▶ [Problem to work on]: Transcribe exactly the lines that begin the material and continue through the line containing "onehot (enum_rank g).". Leave out whatever follows.

▶ [Stored data]:
(* Let $\Gamma$ be a finite alphabet and $n\ge2$, and fix a bijection between $\Gamma^{n-1}$ and $\{1,\dots,|\Gamma|^{n-1}\}$ giving one-hot encodings $\mathbb 1(g_1\cdots g_{n-1})\in\{0,1\}^{|\Gamma|^{n-1}}$. There exists a function $F=M\circ N$, where $N(a)=a/\|a\|_1$ and $M$ is a ReLU MLP, such that for every string $w=w_1\cdots w_T\in\Gamma^T$ and every $s$ with $n-1\le s\le T$, $$F(A_s)=\mathbb 1(w_{s-n+2}\cdots w_s),$$ the one-hot encoding of the last $n-1$ symbols up to position $s$.
   Context: Let $\mathbb 1(g)\in\{0,1\}^{|\Gamma|}$ be the one-hot encoding of $g\in\Gamma$, and for $n-1\le s\le T$ let $A_s=\frac{1}{n-1}\sum_{j=s-n+2}^{s}10^{-j}\mathbb 1(w_j)$ (the output at position $s$ of a single hard-attention head that attends uniformly to the last $n-1$ positions with values $10^{-j}\mathbb 1(w_j)$). A ReLU MLP with $k$ hidden layers is a map $x\mapsto W_{k+1}\,\mathrm{ReLU}(W_k\cdots\mathrm{ReLU}(W_1x+b_1)\cdots+b_k)+b_{k+1}$ with real matrices $W_i$ and vectors $b_i$, where $\mathrm{ReLU}$ acts entrywise as $\max(0,\cdot)$. *)

From HB Require Import structures.
From mathcomp Require Import all_boot all_order all_algebra.
From mathcomp Require Import reals.
Set Implicit Arguments. Unset Strict Implicit. Unset Printing Implicit Defensive.
Import Order.TTheory GRing.Theory Num.Theory.
Local Open Scope ring_scope.

Section Defs.
Variable R : realType.

Definition relu {m} (x : 'cV[R]_m) : 'cV[R]_m := map_mx (fun t => Num.max t 0) x.

Inductive mlp : nat -> nat -> Type :=
| mlp_one a h b : 'M[R]_(h, a) -> 'cV[R]_h -> 'M[R]_(b, h) -> 'cV[R]_b -> mlp a b
| mlp_cons a h b : 'M[R]_(h, a) -> 'cV[R]_h -> mlp h b -> mlp a b.

Fixpoint mlp_eval a b (M : mlp a b) : 'cV[R]_a -> 'cV[R]_b :=
  match M in mlp a b return 'cV[R]_a -> 'cV[R]_b with
  | mlp_one _ _ _ W1 b1 W2 b2 => fun x => W2 *m relu (W1 *m x + b1) + b2
  | mlp_cons _ _ _ W c M' => fun x => mlp_eval M' (relu (W *m x + c))
  end.

Definition l1norm {m} (x : 'cV[R]_m) : R := \sum_i `|x i 0|.
Definition l1normalize {m} (x : 'cV[R]_m) : 'cV[R]_m := (l1norm x)^-1 *: x.

Definition onehot {m} (i : 'I_m) : 'cV[R]_m := \col_j (j == i)%:R.

Definition onehotG (Gamma : finType) (g : Gamma) : 'cV[R]_#|Gamma| :=
  onehot (enum_rank g).

(* A_s for w = w_1 ... w_T (w_j = tnth w (j-1), i.e. 0-based index i = j-1):
   A_s = 1/(n-1) * sum_{j=s-n+2}^{s} 10^{-j} 1(w_j). *)
Definition attnA (Gamma : finType) (n T : nat) (w : T.-tuple Gamma) (s : nat)
  : 'cV[R]_#|Gamma| :=
  (n.-1)%:R^-1 *: \sum_(i < T | (s.+2 - n <= i.+1 <= s)%N)
      ((10%:R : R) ^- i.+1) *: onehotG (tnth w i).

End Defs.

(* The attention output A_s is a positive multiple of the "decimal code"
   sum_k 10^-k 1(u_k) of the window u = w_{s-n+2} ... w_s; since the l1 norm of
   a decimal code depends only on the length of the word, normalisation maps
   A_s to a point depending on u alone.  Decimal codes of distinct words of equal
   length are distinct: every coordinate is below 2, so the first letter is the
   unique coordinate that is at least 1.  It remains to realise an arbitrary
   function on a finite set of distinct points c_u by a ReLU network: a first
   layer computes relu(x_g - c_u g) and relu(c_u g - x_g), whose sum is
   |x_g - c_u g|; a second computes relu(1 - C |x - c_u|_1), which on the point
   set is the indicator of c_u once C |c_u - c_v|_1 >= 1 for all u <> v; a
   linear output layer then selects the prescribed values. *)

From HB Require Import structures.
From mathcomp Require Import all_boot all_order all_algebra.
From mathcomp Require Import reals lra zify.
Set Implicit Arguments.
Unset Strict Implicit.
Unset Printing Implicit Defensive.
Import Order.TTheory GRing.Theory Num.Theory.
Local Open Scope ring_scope.

Section L1Norm.
Variable R : realType.

Lemma maxr0_addN (y : R) : Num.max y 0 + Num.max (- y) 0 = `|y|.
Proof.
case: (ger0P y) => y0; case: (ger0P (- y)) => y0'.
all: rewrite ?addr0 ?add0r //; lra.
Qed.

Lemma l1norm_ge0 m (x : 'cV[R]_m) : 0 <= l1norm x.
Proof. exact: sumr_ge0. Qed.

Lemma l1norm_eq0 m (x : 'cV[R]_m) : l1norm x = 0 -> x = 0.
Proof.
move=> /psumr_eq0P x0; apply/matrixP => i j; rewrite (ord1 j) mxE.
by apply/eqP; rewrite -normr_eq0 x0.
Qed.

Lemma l1normZ m (c : R) (x : 'cV[R]_m) : l1norm (c *: x) = `|c| * l1norm x.
Proof. by rewrite mulr_sumr; apply: eq_bigr => i _; rewrite mxE normrM. Qed.

Lemma l1normalizeZ m (c : R) (x : 'cV[R]_m) :
  0 < c -> l1normalize (c *: x) = l1normalize x.
Proof.
move=> c_gt0; rewrite /l1normalize l1normZ gtr0_norm // scalerA invfM.
by rewrite mulrAC mulVf ?mul1r // gt_eqF.
Qed.

End L1Norm.

Section Interpolation.
Variables (R : realType) (U : finType) (a b : nat) (c : U -> 'cV[R]_a).
Hypothesis c_inj : injective c.

Local Notation hidden := (U * 'I_a * bool)%type.

Definition absdev_weight : 'M[R]_(#|{: hidden}|, a) :=
  \matrix_(i < #|{: hidden}|, k < a)
    ((-1) ^+ (enum_val i).2 * (k == (enum_val i).1.2)%:R).

Definition absdev_bias : 'cV[R]_#|{: hidden}| :=
  \col_(i < #|{: hidden}|)
    (- ((-1) ^+ (enum_val i).2 * c (enum_val i).1.1 (enum_val i).1.2 0)).

Definition absdev_layer (x : 'cV[R]_a) := relu (absdev_weight *m x + absdev_bias).

Lemma absdev_layerE x t :
  absdev_layer x (enum_rank t) 0 =
  Num.max ((-1) ^+ t.2 * (x t.1.2 0 - c t.1.1 t.1.2 0)) 0.
Proof.
rewrite !mxE enum_rankK; under eq_bigr do rewrite mxE enum_rankK.
rewrite (bigD1 t.1.2) //= eqxx big1 => [|k /negbTE ->]; last by rewrite mulr0 mul0r.
by rewrite mulr1 addr0 mulrBr.
Qed.

Definition separation : R :=
  \sum_(p : U * U | p.1 != p.2) (l1norm (c p.1 - c p.2))^-1.

Lemma separation_ge u v : u != v -> 1 <= separation * l1norm (c u - c v).
Proof.
move=> uv; have d_gt0 : 0 < l1norm (c u - c v).
  rewrite lt_def l1norm_ge0 andbT; apply: contra uv => /eqP /l1norm_eq0.
  by move=> /subr0_eq /c_inj ->.
rewrite -(mulVf (lt0r_neq0 d_gt0)) ler_pM2r // /separation (bigD1 (u, v)) //= lerDl.
by apply: sumr_ge0 => p _; rewrite invr_ge0 l1norm_ge0.
Qed.

Definition bump_weight : 'M[R]_(#|U|, #|{: hidden}|) :=
  \matrix_(i < #|U|, j < #|{: hidden}|)
    (- separation * ((enum_val j).1.1 == enum_val i)%:R).

Definition bump_layer (x : 'cV[R]_a) :=
  relu (bump_weight *m absdev_layer x + const_mx 1).

Lemma bump_layerE x v :
  bump_layer x (enum_rank v) 0 = Num.max (1 - separation * l1norm (x - c v)) 0.
Proof.
rewrite !mxE addrC -mulNr; congr (Num.max (_ + _) 0).
rewrite (reindex (@enum_rank _)) /=; last exact/onW_bij/enum_rank_bij.
transitivity (\sum_(u : U) \sum_(g : 'I_a) \sum_(e : bool)
    - separation * (u == v)%:R * Num.max ((-1) ^+ e * (x g 0 - c u g 0)) 0).
  rewrite pair_bigA pair_bigA /=; apply: eq_bigr => -[[u g] e] _.
  by rewrite mxE !enum_rankK absdev_layerE.
rewrite (bigD1 v) //= [X in _ + X]big1 ?addr0 => [|u /negbTE ->]; last first.
  by rewrite big1 // => g _; rewrite big1 // => e _; rewrite mulr0 mul0r.
rewrite /l1norm mulr_sumr; apply: eq_bigr => g _.
by rewrite big_bool /= eqxx mulr1 -mulrDr expr1 mulN1r expr0 mul1r addrC maxr0_addN !mxE.
Qed.

Lemma bump_layer_center u v : bump_layer (c u) (enum_rank v) 0 = (u == v)%:R.
Proof.
rewrite bump_layerE maxElt; have [<-|uv] := eqVneq u v.
  have -> : l1norm (c u - c u) = 0 by rewrite subrr; apply: big1 => i _; rewrite mxE normr0.
  by rewrite mulr0 subr0 ltr10.
case: ltP => // h; apply/eqP.
by rewrite eq_le h andbT subr_le0 separation_ge.
Qed.

Definition select_weight (out : U -> 'cV[R]_b) : 'M[R]_(b, #|U|) :=
  \matrix_(j < b, i < #|U|) out (enum_val i) j 0.

Theorem mlp_interpolate (out : U -> 'cV[R]_b) :
  exists M : mlp R a b, forall u, mlp_eval M (c u) = out u.
Proof.
exists (mlp_cons absdev_weight absdev_bias
          (mlp_one bump_weight (const_mx 1) (select_weight out) 0)).
move=> u; apply/matrixP => j k; rewrite (ord1 k) /= addr0 mxE.
rewrite (reindex (@enum_rank _)) /=; last exact/onW_bij/enum_rank_bij.
under eq_bigr do rewrite mxE enum_rankK [relu _ _ _]bump_layer_center.
rewrite (bigD1 u) //= eqxx mulr1 big1 ?addr0 // => v.
by rewrite eq_sym => /negbTE ->; rewrite mulr0.
Qed.

End Interpolation.

Section DecimalCode.
Variables (R : realType) (Gamma : finType).

Definition decimal_code (s : seq Gamma) : 'cV[R]_#|Gamma| :=
  foldr (fun g v => onehotG R g + 10%:R^-1 *: v) 0 s.

Lemma decimal_code_consE g s i :
  decimal_code (g :: s) i 0 =
  (i == enum_rank g)%:R + 10%:R^-1 * decimal_code s i 0.
Proof. by rewrite /= !mxE. Qed.

Lemma decimal_code_ge0 s i : 0 <= decimal_code s i 0.
Proof.
elim: s => [|g s IH]; first by rewrite mxE.
by rewrite decimal_code_consE addr_ge0 // mulr_ge0 // invr_ge0 ler0n.
Qed.

Lemma decimal_code_tail_lt1 s i : 10%:R^-1 * decimal_code s i 0 < 1.
Proof.
rewrite ltr_pdivrMl ?ltr0n // mulr1; elim: s => [|g s IH]; first by rewrite mxE.
rewrite decimal_code_consE; apply: (@lt_le_trans _ _ (1 + 1)); last lra.
apply: ler_ltD; first by case: (_ == _); rewrite ?ler01.
by rewrite ltr_pdivrMl ?ltr0n // mulr1.
Qed.

Lemma decimal_code_inj s s' :
  size s = size s' -> decimal_code s = decimal_code s' -> s = s'.
Proof.
elim: s s' => [|g s IH] [|g' s'] //= [size_eq] code_eq.
have coordE i : decimal_code (g :: s) i 0 = decimal_code (g' :: s') i 0.
  by rewrite [decimal_code (g :: s)]code_eq.
have g_eq : g = g'.
  apply/eqP; apply: contraT => /negbTE gg'; have := coordE (enum_rank g).
  rewrite !decimal_code_consE eqxx (inj_eq enum_rank_inj) gg'.
  have := decimal_code_tail_lt1 s' (enum_rank g).
  have : 0 <= 10%:R^-1 * decimal_code s (enum_rank g) 0 :> R.
    by rewrite mulr_ge0 ?decimal_code_ge0 // invr_ge0 ler0n.
  move=> /= t_ge0 t'_lt1 coord_eq; exfalso; clear -t_ge0 t'_lt1 coord_eq; lra.
rewrite g_eq (IH s') //; apply/matrixP => i k; rewrite (ord1 k).
have := coordE i; rewrite !decimal_code_consE g_eq => /addrI /mulfI -> //.
by rewrite invr_eq0 pnatr_eq0.
Qed.

Lemma l1norm_decimal_code_cons g s :
  l1norm (decimal_code (g :: s)) = 1 + 10%:R^-1 * l1norm (decimal_code s).
Proof.
have normE t : l1norm (decimal_code t) = \sum_i decimal_code t i 0.
  by apply: eq_bigr => i _; rewrite ger0_norm ?decimal_code_ge0.
rewrite !normE; under eq_bigr do rewrite decimal_code_consE.
rewrite big_split /= mulr_sumr; congr (_ + _).
by rewrite (bigD1 (enum_rank g)) //= eqxx big1 ?addr0 // => i /negbTE ->.
Qed.

Lemma l1norm_decimal_code_size s s' :
  size s = size s' -> l1norm (decimal_code s) = l1norm (decimal_code s').
Proof.
elim: s s' => [|g s IH] [|g' s'] //= [size_eq].
by rewrite !l1norm_decimal_code_cons (IH s').
Qed.

Lemma l1norm_decimal_code_gt0 s : s != [::] -> 0 < l1norm (decimal_code s).
Proof.
case: s => [//|g s _]; rewrite l1norm_decimal_code_cons ltr_pwDl //.
by rewrite mulr_ge0 ?l1norm_ge0 // invr_ge0 ler0n.
Qed.

Lemma l1normalize_decimal_code_inj s s' : size s = size s' ->
  l1normalize (decimal_code s) = l1normalize (decimal_code s') -> s = s'.
Proof.
move=> size_eq; have [s0|s_neq0] := eqVneq s [::].
  by move: size_eq; rewrite s0; case: s'.
rewrite /l1normalize (l1norm_decimal_code_size size_eq) => /scalerI code_eq.
apply: (decimal_code_inj size_eq); apply: code_eq.
by rewrite invr_eq0 -(l1norm_decimal_code_size size_eq) lt0r_neq0 ?l1norm_decimal_code_gt0.
Qed.

Lemma decimal_code_sum x0 s :
  decimal_code s = \sum_(0 <= k < size s) (10%:R^-1 : R) ^+ k *: onehotG R (nth x0 s k).
Proof.
elim: s => [|g s IH]; first by rewrite big_geq.
rewrite big_nat_recl //= expr0 scale1r IH scaler_sumr; congr (_ + _).
by apply: eq_bigr => k _; rewrite scalerA exprS.
Qed.

Lemma attnA_window n T (w : T.-tuple Gamma) s :
  (2 <= n)%N -> (n.-1 <= s)%N -> (s <= T)%N ->
  attnA R n w s = ((n.-1)%:R^-1 * 10%:R ^- (s.+2 - n)) *:
                  decimal_code (take n.-1 (drop (s.+1 - n) w)).
Proof.
move=> n_ge2 n_le_s s_le_T; set a := (s.+1 - n)%N.
have T_gt0 : (0 < T)%N by lia.
pose x0 := tnth w (Ordinal T_gt0).
rewrite /attnA -scalerA; congr (_ *: _).
under eq_bigr do rewrite (tnth_nth x0).
rewrite -(big_mkord (fun i => s.+2 - n <= i.+1 <= s)%N
                    (fun i => 10%:R ^- i.+1 *: onehotG R (nth x0 w i))).
rewrite (eq_bigl (fun i => (true && (a <= i)) && (i < s))%N) => [|i]; last first.
  by apply/idP/idP => /andP[? ?]; apply/andP; split; lia.
rewrite -big_nat_widen // -(big_nat_widenl _ _ _ xpredT) ?leq0n //.
rewrite -[a]add0n big_addn add0n.
have size_window : size (take n.-1 (drop a w)) = n.-1.
  by rewrite size_takel // size_drop size_tuple; lia.
rewrite (decimal_code_sum x0) size_window scaler_sumr (_ : s - a = n.-1)%N; last lia.
apply: eq_big_nat => k /andP[_ k_lt]; rewrite scalerA -!exprVn -exprD nth_take // nth_drop.
congr ((_ ^+ _) *: onehotG R (nth x0 w _)); lia.
Qed.

End DecimalCode.

Theorem lemmaB12 (R : realType) (Gamma : finType) (n : nat) (hn : (2 <= n)%N)
  (enc : (n.-1).-tuple Gamma -> 'I_(#|Gamma| ^ n.-1)) (henc : bijective enc) :
  exists M : mlp R #|Gamma| (#|Gamma| ^ n.-1),
    forall (T : nat) (w : T.-tuple Gamma) (s : nat),
      (n.-1 <= s)%N -> (s <= T)%N ->
      forall u : (n.-1).-tuple Gamma,
        val u = take n.-1 (drop (s.+1 - n) w) ->
        mlp_eval M (l1normalize (attnA R n w s)) = onehot R (enc u).
Proof.
pose code (u : (n.-1).-tuple Gamma) := l1normalize (decimal_code R (val u)).
have code_inj : injective code.
  move=> u v /l1normalize_decimal_code_inj; rewrite !size_tuple => /(_ erefl).
  exact: val_inj.
have [M codeM] := mlp_interpolate code_inj (fun u => onehot R (enc u)).
exists M => T w s n_le_s s_le_T u window_u.
rewrite attnA_window // l1normalizeZ -?window_u ?codeM //.
by rewrite mulr_gt0 // invr_gt0 ?exprn_gt0 ?ltr0n //; lia.
Qed.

▶ [Exercise answer]:
(* Let $\Gamma$ be a finite alphabet and $n\ge2$, and fix a bijection between $\Gamma^{n-1}$ and $\{1,\dots,|\Gamma|^{n-1}\}$ giving one-hot encodings $\mathbb 1(g_1\cdots g_{n-1})\in\{0,1\}^{|\Gamma|^{n-1}}$. There exists a function $F=M\circ N$, where $N(a)=a/\|a\|_1$ and $M$ is a ReLU MLP, such that for every string $w=w_1\cdots w_T\in\Gamma^T$ and every $s$ with $n-1\le s\le T$, $$F(A_s)=\mathbb 1(w_{s-n+2}\cdots w_s),$$ the one-hot encoding of the last $n-1$ symbols up to position $s$.
   Context: Let $\mathbb 1(g)\in\{0,1\}^{|\Gamma|}$ be the one-hot encoding of $g\in\Gamma$, and for $n-1\le s\le T$ let $A_s=\frac{1}{n-1}\sum_{j=s-n+2}^{s}10^{-j}\mathbb 1(w_j)$ (the output at position $s$ of a single hard-attention head that attends uniformly to the last $n-1$ positions with values $10^{-j}\mathbb 1(w_j)$). A ReLU MLP with $k$ hidden layers is a map $x\mapsto W_{k+1}\,\mathrm{ReLU}(W_k\cdots\mathrm{ReLU}(W_1x+b_1)\cdots+b_k)+b_{k+1}$ with real matrices $W_i$ and vectors $b_i$, where $\mathrm{ReLU}$ acts entrywise as $\max(0,\cdot)$. *)

From HB Require Import structures.
From mathcomp Require Import all_boot all_order all_algebra.
From mathcomp Require Import reals.
Set Implicit Arguments. Unset Strict Implicit. Unset Printing Implicit Defensive.
Import Order.TTheory GRing.Theory Num.Theory.
Local Open Scope ring_scope.

Section Defs.
Variable R : realType.

Definition relu {m} (x : 'cV[R]_m) : 'cV[R]_m := map_mx (fun t => Num.max t 0) x.

Inductive mlp : nat -> nat -> Type :=
| mlp_one a h b : 'M[R]_(h, a) -> 'cV[R]_h -> 'M[R]_(b, h) -> 'cV[R]_b -> mlp a b
| mlp_cons a h b : 'M[R]_(h, a) -> 'cV[R]_h -> mlp h b -> mlp a b.

Fixpoint mlp_eval a b (M : mlp a b) : 'cV[R]_a -> 'cV[R]_b :=
  match M in mlp a b return 'cV[R]_a -> 'cV[R]_b with
  | mlp_one _ _ _ W1 b1 W2 b2 => fun x => W2 *m relu (W1 *m x + b1) + b2
  | mlp_cons _ _ _ W c M' => fun x => mlp_eval M' (relu (W *m x + c))
  end.

Definition l1norm {m} (x : 'cV[R]_m) : R := \sum_i `|x i 0|.
Definition l1normalize {m} (x : 'cV[R]_m) : 'cV[R]_m := (l1norm x)^-1 *: x.

Definition onehot {m} (i : 'I_m) : 'cV[R]_m := \col_j (j == i)%:R.

Definition onehotG (Gamma : finType) (g : Gamma) : 'cV[R]_#|Gamma| :=
  onehot (enum_rank g).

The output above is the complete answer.